My current code looks like this (only one checkbox, the others are the same just other name):
<form method="post" action="" name="form">
<label class="switch"><input type="checkbox" name="csgo" value="1"><span class="slider"></span></label> CSGO;
<input type="submit" value="Save" class="btn btn-primary" name="submit">
<?php
$csgoac = isset($_POST["csgo"]) ? $_POST["csgo"] : 0;
$sql = "UPDATE Users SET csgoactive='".$csgoac."' WHERE ID='1'";
mysqli_query($db, $sql);
?>
</form>
I tested it with echo $csgoac;
(before the query) and the output was checked = 1
and not checked = 0
.
With the query now, it is only updating "0" to the database, what I did wrong on there?

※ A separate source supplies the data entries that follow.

Lemma inZrI_wtq (L : finFieldType) q n m (alpha : L) r I u :
    (q ^ n - 1).-primitive_root alpha -> 0%N \in I -> (r < n * (q - 1))%N ->
    (0 < u <= q ^ n - 1)%N -> inZrI q n m alpha r I (alpha ^+ u) ->
  (wtq q n u < n * (q - 1) - r)%N
  || (wtq q n u == n * (q - 1) - r)%N && (Eq q n u != Oq q n u).
Proof.
move=> prim I0 lt_r range_u /orP[/existsP[u' /and4P[u'_gt0 le_u' wt_u' /eqP eq_u']]|].
  rewrite -(prim_root_expr_inj prim _ range_u eq_u') ?u'_gt0 //.
  by apply/orP; left; lia.
case/existsP => k /and3P[_ k_notin_I /existsP[u' /and4P[le_u' /eqP wt_u' /eqP OE_u']]].
move/eqP=> eq_u'.
have u'_gt0 : (0 < u')%N.
  by rewrite lt0n; apply/eqP => u'0; move: wt_u'; rewrite u'0 wtq0; lia.
rewrite -(prim_root_expr_inj prim _ range_u eq_u') ?u'_gt0 // wt_u' eqxx ltnn /=.
by apply: contraNneq k_notin_I => eq_EO; rewrite -OE_u' eq_EO /absdiff subnn.
Qed.

Lemma sum_Fq2_subspace_expr_eq0 (L : finFieldType) q (beta : L) (V : {set L}) d n u :
    [pchar L].-nat q -> (q ^ 2).-1.-primitive_root beta ->
    Qsubspace (q ^ 2) V -> #|V| = ((q ^ 2) ^ d)%N -> (u < q ^ n)%N ->
    (Eq q n u + Oq q n u * q < d * (q ^ 2).-1)%N
    || (Eq q n u * q + Oq q n u < d * (q ^ 2).-1)%N ->
  \sum_(g in V) g ^+ u = 0.
Proof.
move=> qcharL beta_prim subV cardV lt_u deg_lt.
have q_gt0 : (0 < q)%N by case/andP: qcharL.
have QcharL : [pchar L].-nat (q ^ 2)%N by rewrite pnatX qcharL.
have sum_shift_eq0 s :
    (\sum_(i < n) qdigit q u i * q ^ ((i + s) %% 2) < d * (q ^ 2).-1)%N ->
    \sum_(g in V) g ^+ (u * q ^ s)%N = 0.
  move=> lt_deg; rewrite (qdigit_pair_expansion s q_gt0 lt_u).
  exact: (sum_Qsubspace_expr_eq0 QcharL beta_prim
    (fun i : 'I_n => (i + s) %/ 2)%N subV cardV lt_deg).
case/orP: deg_lt => lt_deg.
  by have := sum_shift_eq0 0%N; rewrite expn0 muln1 qdigit_pair_degree; apply.
suff : (\sum_(g in V) g ^+ u) ^+ q = 0 by move/eqP; rewrite expf_eq0 q_gt0 => /eqP.
have frob0 : 0 ^+ q = 0 :> L by rewrite expr0n gtn_eqF.
rewrite (big_morph (fun x => x ^+ q) (fun x y => exprDn_pchar x y qcharL) frob0).
under eq_bigr do rewrite -exprM.
by have := sum_shift_eq0 1%N; rewrite expn1 qdigit_pair_degree; apply.
Qed.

Of course, the first time the page is rendered, $csgoac
is 0 because isset($_POST["csgo"])
is false.
If the checkbox is checked and then the form is submitted, $csgoac
will be 1.
So the question becomes: What is the result of mysqli_query($db, $sql);
?
Are you getting/checking all available feedback? If display_errors
is Off in php.ini, there will not be feedback in the browser, but perhaps an error is in the php errorlog. (For instance, in the snippet, $db
is not defined, so mysqli_query($db, $sql);
fails with Undefined variable: db
.).
If the UPDATE is not successful, mysqli_query($db, $sql);
will return FALSE
and $db->error
should tell you what error was encountered.
You could also use mysqli_stmt_affected_rows
for additional feedback.
Perhaps add some feedback/error checking to get as much information as possible so you can know what is really happening.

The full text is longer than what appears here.